Biting Through in Transitions

Life transitions

Something blocks the change — bite through it cleanly and completely.

Context
Transitions

Use this interpretation for endings, moves, grief, divorce, new chapters, and major change.

Direct answer

Hexagram 21 in life transitions means something has lodged between you and the change that needs to happen — an unfinished matter, a legal or logistical knot, a person who won't let the chapter close. Gentleness alone won't shift it. The obstacle must be bitten through: named directly and resolved decisively. Force with fairness — enough to sever it, not one degree more.

Ending something

An ending is being blocked by a specific obstruction: the settlement half-agreed, the possessions undivided, the conversation everyone keeps swerving. Every week it sits there, the ending can't complete — and the incompleteness poisons the interval you need for grieving and starting over. Stop managing around the thing and bite through it: one clear, honest resolution of the matter itself.
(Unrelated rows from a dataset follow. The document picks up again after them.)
(* Let $(\mathcal C,S,T)$ be a finite basic association schemoid whose underlying category is a connected groupoid with $T(f)=f^{-1}$, let $H:\mathcal C\to\mathbb K\text{-Mod}$ be a functor such that $D=\pi^*p^*H$ has all $D_g$ finite abelian groups, let $D_+\to\mathcal E\xrightarrow{q}\mathcal C$ be a linear extension and $(\mathcal E,\widetilde S)$ with $\widetilde S=\{q^{-1}(\sigma)\}_{\sigma\in S}$ the associated schemoid extension, and let $\mathbb K$ be a field. Then the algebra map $\mathbb K(q):\mathbb K(\mathcal E,\widetilde S)\to\mathbb K(\mathcal C,S)$, $s_{\tilde\pi}\mapsto n^q_{\tilde\pi}s_{q(\tilde\pi)}=\#D_g\, s_{q(\tilde\pi)}$, is an isomorphism if and only if the characteristic of $\mathbb K$ does not divide $\#D_g$ for any morphism $g$ of $\mathcal C$; if the characteristic divides $\#D_g$ for some $g$, then $\mathbb K(q)$ is the zero map.
   Context: Write $s(f),t(f)$ for source and target. A quasi-schemoid is a pair $(\mathcal C,S)$ with $\mathcal C$ a small category and $S$ a partition of $mor(\mathcal C)$ into nonempty blocks such that for all $\sigma,\tau,\mu\in S$ and $f,g\in\mu$ the sets $\{(a,b)\in\sigma\times\tau: s(a)=t(b), a\circ b=f\}$ and the analogous set for $g$ have equal cardinality. An association schemoid is a triple $(\mathcal C,S,T)$ with $(\mathcal C,S)$ a quasi-schemoid, every block containing an endomorphism consisting only of endomorphisms, and $T$ a contravariant endofunctor with $T^2=\mathrm{id}$ and $\{T(f):f\in\sigma\}\in S$. It is finite if $mor(\mathcal C)$ is finite, unital if every block meeting $\{1_x\}$ lies in $\{1_x\}$, basic if unital with $\mathcal C$ a groupoid. The category $F(\mathcal C)$ has objects the morphisms of $\mathcal C$ and morphisms $f\to g$ the pairs $(\alpha,\beta)$ with $g=\alpha f\beta$; a natural system is a functor $D:F(\mathcal C)\to\mathbb K\text{-Mod}$, $f_*=D(f,1)$, $g^*=D(1,g)$; $D=\pi^*p^*H$ means $D_f=H(t(f))$, $D(\alpha,\beta)=H(\alpha)$. A linear extension $D_+\to\mathcal E\xrightarrow{q}\mathcal C$ consists of a category $\mathcal E$ with the same objects and a full functor $q$ that is the identity on objects, such that each $D_f$ acts transitively and freely on $q^{-1}(f)$ and $(f_0+\alpha)(g_0+\beta)=f_0g_0+f_*\beta+g^*\alpha$. The category algebra $\mathbb K\mathcal C$ is the free $\mathbb K$-module on $mor(\mathcal C)$ with product $a\cdot b=a\circ b$ if composable and $0$ otherwise; $s_\sigma=\sum_{f\in\sigma}f$; the schemoid algebra $\mathbb K(\mathcal C,S)$ is the span of the $s_\sigma$. $q(\tilde\pi)$ denotes the block of $S$ containing $q(\tilde\pi)$, and $n^q_{\tilde\pi}$ is the number of $f\in\tilde\pi$ with $t(f)=x$ and $q(f)=g$ (for any $x$ and $g\in q(\tilde\pi)$ with $t(g)=x$), which equals $\#D_g$ (constant since $\mathcal C$ is connected). *)

From HB Require Import structures.
From mathcomp Require Import all_boot all_order all_algebra.
Set Implicit Arguments. Unset Strict Implicit. Unset Printing Implicit Defensive.
Import GRing.Theory.
Local Open Scope ring_scope.

Definition is_category (O M : finType) (src tgt : M -> O) (id : O -> M)
    (comp : M -> M -> M) : Prop :=
  [/\ forall x, src (id x) = x /\ tgt (id x) = x,
      forall f g, src f = tgt g -> src (comp f g) = src g /\ tgt (comp f g) = tgt f,
      forall f, comp f (id (src f)) = f /\ comp (id (tgt f)) f = f &
      forall f g h, src f = tgt g -> src g = tgt h ->
        comp f (comp g h) = comp (comp f g) h].

Definition is_groupoid_inv (O M : finType) (src tgt : M -> O) (id : O -> M)
    (comp : M -> M -> M) (inv : M -> M) : Prop :=
  forall f, [/\ src (inv f) = tgt f, tgt (inv f) = src f,
                comp f (inv f) = id (tgt f) & comp (inv f) f = id (src f)].

Definition cat_connected (O M : finType) (src tgt : M -> O) : Prop :=
  forall x y : O,
    connect (fun a b : O => [exists f : M, ((src f == a) && (tgt f == b))
                                       || ((src f == b) && (tgt f == a))]) x y.

Definition nfact (O M : finType) (src tgt : M -> O) (comp : M -> M -> M)
    (sig tau : {set M}) (f : M) : nat :=
  #|[set ab : M * M | [&& ab.1 \in sig, ab.2 \in tau, src ab.1 == tgt ab.2
                          & comp ab.1 ab.2 == f]]|.

Definition is_quasi_schemoid (O M : finType) (src tgt : M -> O)
    (comp : M -> M -> M) (S : {set {set M}}) : Prop :=
  partition S [set: M] /\
  forall sig tau mu, sig \in S -> tau \in S -> mu \in S ->
    forall f g, f \in mu -> g \in mu ->
      nfact src tgt comp sig tau f = nfact src tgt comp sig tau g.

Definition is_association_schemoid (O M : finType) (src tgt : M -> O)
    (id : O -> M) (comp : M -> M -> M) (S : {set {set M}})
    (Tob : O -> O) (Tmor : M -> M) : Prop :=
  [/\ is_quasi_schemoid src tgt comp S,
      forall sig, sig \in S -> (exists2 f, f \in sig & src f = tgt f) ->
        forall f, f \in sig -> src f = tgt f,
      [/\ (forall f, src (Tmor f) = Tob (tgt f) /\ tgt (Tmor f) = Tob (src f)),
          (forall x, Tmor (id x) = id (Tob x)) &
          (forall f g, src f = tgt g -> Tmor (comp f g) = comp (Tmor g) (Tmor f))],
      ((forall x, Tob (Tob x) = x) /\ (forall f, Tmor (Tmor f) = f)) &
      forall sig, sig \in S -> Tmor @: sig \in S].

Definition is_unital (O M : finType) (id : O -> M) (S : {set {set M}}) : Prop :=
  forall sig, sig \in S -> forall x, id x \in sig -> sig \subset [set id x].

(* Category algebra K C realized as {ffun M -> K} (coefficients on morphisms);
   s_sigma and the schemoid algebra (span of the s_sigma). *)
Definition sblock (K : fieldType) (M : finType) (sig : {set M}) : {ffun M -> K} :=
  [ffun f => (f \in sig)%:R].

Definition in_schemoid_alg (K : fieldType) (M : finType) (S : {set {set M}})
    (v : {ffun M -> K}) : Prop :=
  exists c : {set M} -> K,
    v = \sum_(sig in S) [ffun f => c sig * sblock K sig f].

Definition Kmap (K : fieldType) (ME M : finType) (q : ME -> M)
    (v : {ffun ME -> K}) : {ffun M -> K} :=
  [ffun g => \sum_(e : ME | q e == g) v e].

Definition Stilde (ME M : finType) (q : ME -> M) (S : {set {set M}})
    : {set {set ME}} := [set q @^-1: sig | sig : {set M} in S].

(* Every fibre q^-1(g) is a torsor under D_g = H (tgt g), and all the D_g have
   the same order n, since H sends the morphisms of the connected groupoid C to
   bijections.  A block q^-1(sigma) of S~ is a union of such fibres, so K(q)
   maps s_(q^-1(sigma)) to n s_sigma: on the schemoid algebras K(q) is n times
   a bijection, hence an isomorphism when n != 0 in K and zero otherwise, and
   n = 0 in K exactly when char K divides n. *)

From HB Require Import structures.
From mathcomp Require Import all_boot all_order all_algebra.
Import GRing.Theory.
Set Implicit Arguments.
Unset Strict Implicit.
Unset Printing Implicit Defensive.

Local Open Scope ring_scope.

Lemma natf_neq0_pcharP (R : idomainType) (n : nat) : (0 < n)%N ->
  reflect (forall p, p \in [pchar R] -> ~~ (p %| n)%N) (n%:R != 0 :> R).
Proof.
move=> n_gt0; apply: (iffP idP) => [nR_neq0 p charRp | ndvd].
  by rewrite (dvdn_pcharf charRp).
apply: contraT; rewrite negbK => nR0.
have [p charRp] := natf0_pchar n_gt0 nR0.
by have := ndvd p charRp; rewrite (dvdn_pcharf charRp) nR0.
Qed.

Lemma imset_preimset (aT rT : finType) (f : aT -> rT) (A : {set rT}) :
  (forall y, exists x, f x = y) -> f @: (f @^-1: A) = A.
Proof.
move=> f_surj; apply/setP => y; apply/imsetP/idP => [[x] | Ay].
  by rewrite inE => Afx ->.
by have [x fx] := f_surj y; exists x; rewrite ?inE fx.
Qed.

Lemma preimset_inj (aT rT : finType) (f : aT -> rT) :
  (forall y, exists x, f x = y) -> injective (fun A : {set rT} => f @^-1: A).
Proof.
by move=> f_surj A B /= eqAB; rewrite -(imset_preimset A f_surj) eqAB imset_preimset.
Qed.

Section GroupoidFunctor.

Variables (O M : finType) (src tgt : M -> O) (id : O -> M) (comp : M -> M -> M).
Variables (inv : M -> M) (H : O -> finType) (Hmap : forall x y : O, M -> H x -> H y).
Hypothesis Cgrp : is_groupoid_inv src tgt id comp inv.
Hypothesis Hid : forall x (u : H x), @Hmap x x (id x) u = u.
Hypothesis Hcomp : forall f g, src f = tgt g -> forall u : H (src g),
  @Hmap (src g) (tgt f) (comp f g) u = @Hmap (tgt g) (tgt f) f (@Hmap (src g) (tgt g) g u).

Lemma Hmap_inj f : injective (@Hmap (src f) (tgt f) f).
Proof.
have [src_inv tgt_inv _ inv_f_f] := Cgrp f.
have := Hcomp src_inv; rewrite inv_f_f.
(* [tgt (inv f)] is only propositionally [src f]: generalize before rewriting. *)
move: (@Hmap (tgt f)) => Hf; move: (tgt (inv f)) tgt_inv Hf => y -> Hf HinvK u v eq_uv.
by rewrite -(Hid u) -(Hid v) !HinvK eq_uv.
Qed.

Lemma card_Hmap f : #|H (src f)| = #|H (tgt f)|.
Proof.
have [src_inv tgt_inv _ _] := Cgrp f.
apply/eqP; rewrite eqn_leq (leq_card _ (@Hmap_inj f)) /=.
by have := leq_card _ (@Hmap_inj (inv f)); rewrite src_inv tgt_inv.
Qed.

Lemma card_H_connected : cat_connected src tgt -> forall x y, #|H x| = #|H y|.
Proof.
move=> Cconn x y; have /connectP [p xp ->] := Cconn x y.
elim: p x xp => [|z p IHp] x //= /andP [/existsP [f xz] zp].
rewrite -(IHp z zp).
by case/orP: xz => /andP [/eqP <- /eqP <-]; rewrite card_Hmap.
Qed.

End GroupoidFunctor.

Lemma card_fibre_regular (O M ME : finType) (tgt : M -> O) (q : ME -> M)
    (D : O -> finType) (act : forall x : O, D x -> ME -> ME) :
  (forall e (a : D (tgt (q e))), q (act (tgt (q e)) a e) = q e) ->
  (forall e e', q e = q e' -> exists! a : D (tgt (q e)), act (tgt (q e)) a e = e') ->
  forall e, #|[pred e' | q e' == q e]| = #|D (tgt (q e))|.
Proof.
move=> actq actreg e.
have act_inj : injective (act (tgt (q e)) ^~ e).
  move=> a b eq_ab; have [c [_ c_uniq]] := actreg e _ (esym (actq e a)).
  by rewrite -(c_uniq a) // -(c_uniq b).
have fibreE : [pred e' | q e' == q e] =i [set act (tgt (q e)) a e | a in D (tgt (q e))].
  move=> e'; rewrite !inE; apply/eqP/imsetP => [qe' | [a _ ->]]; last exact: actq.
  by have [a [<- _]] := actreg e e' (esym qe'); exists a.
by rewrite (eq_card fibreE) card_imset.
Qed.

Definition sblock_comb {K : fieldType} {M : finType} (S : {set {set M}})
    (c : {set M} -> K) : {ffun M -> K} :=
  \sum_(sig in S) [ffun f => c sig * sblock K sig f].

Lemma scale_sblock_comb {K : fieldType} {M : finType} (S : {set {set M}})
    (a : K) (c : {set M} -> K) :
  [ffun f => a * sblock_comb S c f] = sblock_comb S (fun sig => a * c sig).
Proof.
apply/ffunP => f; rewrite !ffunE !sum_ffunE mulr_sumr.
by apply: eq_bigr => sig _; rewrite !ffunE mulrA.
Qed.

Lemma eq_sblock_comb {K : fieldType} {M : finType} (S : {set {set M}})
    (c1 c2 : {set M} -> K) :
  {in S, c1 =1 c2} -> sblock_comb S c1 = sblock_comb S c2.
Proof. by move=> eq_c; apply: eq_bigr => sig /eq_c ->. Qed.

Lemma sblock_schemoid_alg (K : fieldType) {M : finType} {S : {set {set M}}}
    {sig : {set M}} : sig \in S -> in_schemoid_alg S (sblock K sig).
Proof.
move=> Ssig; exists (fun tau => (tau == sig)%:R); apply/ffunP => f.
rewrite sum_ffunE (bigD1 sig) //= !ffunE eqxx mul1r big1 ?addr0 // => tau /andP [_].
by rewrite ffunE => /negbTE ->; rewrite mul0r.
Qed.

Section SchemoidExtension.

Context {K : fieldType} {ME M : finType} {q : ME -> M} {S : {set {set M}}} {n : nat}.
Hypothesis q_surj : forall g, exists e, q e = g.
Hypothesis card_fibre : forall g, #|[pred e | q e == g]| = n.

Lemma sblock_comb_Stilde (c : {set ME} -> K) (e : ME) :
  sblock_comb (Stilde q S) c e = sblock_comb S (fun sig => c (q @^-1: sig)) (q e).
Proof.
rewrite /sblock_comb /Stilde big_imset /=; last by move=> A B _ _; apply: preimset_inj.
by rewrite !sum_ffunE; apply: eq_bigr => sig _; rewrite !ffunE inE.
Qed.

Lemma Kmap_pullback (u : {ffun M -> K}) :
  Kmap q [ffun e => u (q e)] = [ffun g => n%:R * u g].
Proof.
apply/ffunP => g; rewrite !ffunE -(card_fibre g) mulr_natl -sumr_const.
by apply: eq_bigr => e /eqP <-; rewrite ffunE.
Qed.

Lemma Kmap_sblock_comb (c : {set ME} -> K) :
  Kmap q (sblock_comb (Stilde q S) c)
  = [ffun g => n%:R * sblock_comb S (fun sig => c (q @^-1: sig)) g].
Proof.
rewrite -Kmap_pullback; congr Kmap; apply/ffunP => e.
by rewrite ffunE sblock_comb_Stilde.
Qed.

Lemma Kmap_schemoid_alg (v : {ffun ME -> K}) :
  in_schemoid_alg (Stilde q S) v -> in_schemoid_alg S (Kmap q v).
Proof.
by case=> c ->; rewrite Kmap_sblock_comb scale_sblock_comb; eexists.
Qed.

Lemma Kmap_schemoid_alg_eq0 (v : {ffun ME -> K}) :
  n%:R = 0 :> K -> in_schemoid_alg (Stilde q S) v -> Kmap q v = 0.
Proof.
move=> n0 [c ->]; rewrite Kmap_sblock_comb n0.
by apply/ffunP => g; rewrite !ffunE mul0r.
Qed.

Lemma Kmap_surj_natr_neq0 (g : M) : g \in cover S ->
  (forall u : {ffun M -> K}, in_schemoid_alg S u ->
     exists2 v, in_schemoid_alg (Stilde q S) v & Kmap q v = u) ->
  n%:R != 0 :> K.
Proof.
move=> /bigcupP [sig Ssig sig_g] Kmap_surj.
have [_ [c ->]] := Kmap_surj _ (sblock_schemoid_alg K Ssig).
rewrite Kmap_sblock_comb => /ffunP /(_ g); rewrite !ffunE sig_g.
by apply: contra_eqN => /eqP ->; rewrite mul0r eq_sym oner_eq0.
Qed.

Hypothesis n_neq0 : n%:R != 0 :> K.

Lemma Kmap_schemoid_alg_inj (v w : {ffun ME -> K}) :
  in_schemoid_alg (Stilde q S) v -> in_schemoid_alg (Stilde q S) w ->
  Kmap q v = Kmap q w -> v = w.
Proof.
case=> [cv ->] [cw ->]; rewrite !Kmap_sblock_comb => /ffunP eq_vw.
apply/ffunP => e; rewrite !sblock_comb_Stilde; apply: (mulfI n_neq0).
by have := eq_vw (q e); rewrite !ffunE.
Qed.

Lemma Kmap_schemoid_alg_surj (u : {ffun M -> K}) :
  in_schemoid_alg S u -> exists2 v, in_schemoid_alg (Stilde q S) v & Kmap q v = u.
Proof.
case=> c ->; exists (sblock_comb (Stilde q S) (fun tau => n%:R^-1 * c (q @: tau))).
  by eexists.
rewrite Kmap_sblock_comb scale_sblock_comb; apply: eq_sblock_comb => sig _.
by rewrite imset_preimset // mulrA mulfV ?mul1r.
Qed.

End SchemoidExtension.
The rules of the just bite hold here. Name the actual problem, not the person's whole character (line 3 — old dried meat: biting ancient grievances only strikes poison). Act when you're clear, not when you're furious. And stop the moment it's done — the closure is the goal, not a punishment tour.

Beginning something

Sometimes the new chapter can't begin until something is cut. The lease that traps you, the commitment that quietly forecloses the move, the entanglement that will follow you into the new life if you let it. Identify the real obstacle — it is usually one thing wearing several disguises — and sever it cleanly (line 4 — dried gristly meat: the hardest case, but the fight is right; stay disciplined and fortune follows). The trap in beginnings is the half-cut: the mostly-ended arrangement, the almost-closed account. What's bitten halfway through grows back with scar tissue and blocks the same door twice. Lightning's clarity, thunder's decision — either alone leaves you stuck.

Watch out for

The shadow runs two ways. Ferocity: turning a needed severance into vengeance, the settlement weaponised, the ending dragged out to punish. Correction carried past justice becomes a fresh wrong you'll carry into the next chapter. And weakness: knowing the obstacle plainly and deferring the bite indefinitely, until the obstruction becomes the whole delay and the change never starts. Old dried meat (line 3) is the special trap of endings — some old grievances can only be released, not litigated. Between rage and drift runs the narrow path of the clean cut.

Transitions lines

The six lines in transition

Reflection

What exactly is blocking this change — in one honest sentence?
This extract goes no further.